Wprowadzenie Strefy Czystego Transportu to zabieranie wolności mieszkańców Szczecina - uważają lokalni radni Prawa i Sprawiedliwości.
- Ci, których nie będzie stać na nowsze samochody, niestety do Strefy Czystego Transportu zapewne nie wjadą. Dzisiaj mówią tylko o Starym Mieście. Za chwilę, za rok, powiedzą, że trzeba ją rozszerzyć na przykład do Bramy Portowej - mówi Romianowskiego.
Ograniczenie wjazdu starych samochodów do części Starego Miasta to bardzo dobre rozwiązanie - uważa natomiast Andrzej Radziwinowicz, radny Koalicji Obywatelskiej.
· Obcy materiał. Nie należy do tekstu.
Lemma omega_limit_image h g z : continuous h -> (forall y, h (g y) = g (h y)) ->
  h @` omega_limit g z `<=` omega_limit g (h z).
Proof.
move=> ch hg; rewrite !omega_limitE.
have h_orbit : h \o (fun m => iter m g z) = fun m => iter m g (h z).
  by apply: funext => m /=; elim: m => //= m IH; rewrite hg IH.
by rewrite -h_orbit; exact: cluster_seq_image.
Qed.

Lemma omega_limit_iterE f n i x :
  omega_limit (iter n f) (iter i f x) = cluster_seq (fun m => iter (n * m + i) f x).
Proof.
rewrite omega_limitE; congr cluster_seq.
by apply: funext => m; rewrite iterD mulnC iterM.
Qed.

Lemma omega_limit_iter_sub f n i x : (0 < n)%N ->
  omega_limit (iter n f) (iter i f x) `<=` omega_limit f x.
Proof.
move=> n_gt0; rewrite omega_limit_iterE omega_limitE.
apply: (cluster_seq_sub (g := fun m => n * m + i)%N) => m.
exact: leq_trans (leq_pmull m n_gt0) (leq_addr i _).
Qed.

Lemma omega_limit_iter_cover f n x : (0 < n)%N ->
  omega_limit f x `<=` \bigcup_(i in `I_n) omega_limit (iter n f) (iter i f x).
Proof.
move=> n_gt0; rewrite omega_limitE => y /(cluster_seq_cover n_gt0)[i ilt yi].
by exists i => //; rewrite omega_limit_iterE.
Qed.

End OmegaLimit.

Theorem corollary1p2 (R : realType) (X : metricType R) (f : X -> X) (n : nat) (x : X) :
  compact [set: X] -> continuous f -> (1 <= n)%N ->
  omega_limit f x `<=` Fix (iter n f) ->
  exists k : nat, (k %| n)%N /\ components (omega_limit f x) #= `I_k.
Proof.
move=> cX cf n_gt0 omega_fix.
apply: (@card_components_cyclic_cover _ f _
  (fun i => omega_limit (iter n f) (iter i f x))) => // [i|i|i||i|i].
- exact: omega_limit_neq0.
- apply: connected_omega_limit => //; first exact: continuous_iter.
  by move=> y /(omega_limit_iter_sub n_gt0)/omega_fix.
- exact: omega_limit_iter_sub.
- exact: omega_limit_iter_cover.
- by apply: omega_limit_image => // y; rewrite -iterS iterSr.
- by rewrite addnC iterD omega_limit_shift.
Qed.
Lemma ear_gunion_card H P : ear H P -> gE P :&: gE H = set0 ->
  #|gE (gunion H P)| + #|gV H| = (#|gE H| + #|gV (gunion H P)|).+1.
Proof.
move=> /ear_facts [_ _ cardP _] dis.
have cardE := cardsUI (gE H) (gE P); rewrite setIC dis cards0 in cardE.
have cardV := cardsUI (gV H) (gV P).
rewrite gE_gunion gV_gunion; lia.
Qed.

Lemma ear_gunion_mindeg2 H P : mindeg2 H -> ear H P -> mindeg2 (gunion H P).
Proof.
move=> dH /ear_facts [_ _ _ dP] v; rewrite gV_gunion inE.
case: (boolP (v \in gV H)) => [vH _|vH /= vP].
  exact: leq_trans (dH v vH) (@leq_deg H (gunion H P) v (subsetUl _ _)).
exact: leq_trans (dP v vP vH) (@leq_deg P (gunion H P) v (subsetUr _ _)).
Qed.

Lemma component_connected H v : connected ends H -> v \in gV H -> component ends H v = H.
Proof.
case: H => VH EH [gH [_ cH]] vH; rewrite /component /=.
have -> : [set u in VH | connect (adj ends (VH, EH)) v u] = VH.
  by apply/setP => u; rewrite inE andb_idr // => /(cH _ _ vH).
by congr pair; apply/setP => e; rewrite inE andb_idr // => /gH [-> ->].
Qed.

Lemma mindeg2_cactus H : connected ends H -> mindeg2 H -> #|gV H| < #|gE H| ->
  cactus ends H.
Proof.
move=> cH dH lt; split=> //; split; first by case: cH.
- by move=> v /dH; rewrite /isolated; case: (deg _ _ _).
- by move=> v /dH; rewrite /leaf; case: (deg _ _ _) => [|[]].
by move=> v vH; rewrite component_connected // => /cycle_card; lia.
Qed.

Definition ear_base G H : Prop := [/\ subgraph ends H G, connected ends H & mindeg2 H].

Definition new_ear G H P : Prop :=
  [/\ ear H P, gE P \subset gE G & gE P :&: gE H = set0].

Lemma vertex_of_deg_gt0 G P v : is_graph ends G -> gE P \subset gE G ->
  0 < deg ends P v -> v \in gV G.
Proof.
move=> gG sE /deg_gt0_incident [e /(subsetP sE) /gG [h1 h2]].
by case/orP => /eqP <-.
Qed.

Lemma ear_base_gunion G H P : is_graph ends G -> ear_base G H -> new_ear G H P ->
  [/\ ear_base G (gunion H P), cactus ends (gunion H P), subgraph ends P G &
      #|gE (gunion H P)| + #|gV H| = (#|gE H| + #|gV (gunion H P)|).+1].
Proof.
move=> gG [[gH [sVH sEH]] cH dH] [eHP sEP dis].
have cardU := ear_gunion_card eHP dis.
have [cP nI _ dP] := ear_facts eHP.
have cU := connected_gunion cH cP nI.
have sP : subgraph ends P G.
  split; first by case: cP.
  split=> //; apply/subsetP => v vP.
  case: (boolP (v \in gV H)) => [/(subsetP sVH) //|vH].
  by apply: (vertex_of_deg_gt0 gG sEP); apply: ltnW; apply: dP.
have [_ [sVP _]] := sP.
have dU := ear_gunion_mindeg2 dH eHP.
split=> //.
- split=> //; split; first by case: cU.
  by rewrite /= !subUset sVH sVP sEH sEP.
- by apply: mindeg2_cactus => //; have := mindeg2_card dH; lia.
Qed.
I nie zgadza się z opinią o ograniczeniu wolności.
- Tak, o to chodzi. Żeby ludzie w Śródmieściu mieli prawo do wolności, wolności do zdrowia, prawa do zdrowia. Ponieważ dzisiaj Śródmieście jest bardzo zanieczyszczone, więc eliminacja samochodów, które były zarejestrowane poniżej roku 2004, nie jest żadnym ograniczeniem wolności - mówi Radziwinowicz.
W sprawie utworzenia w Szczecinie Strefy Czystego Transportu prowadzone są wśród mieszkańców konsultacje społeczne. Swoją opinię mogą oni przekazać do 5 stycznia - między innymi przez internetową stronę konsultuj.szczecin.pl.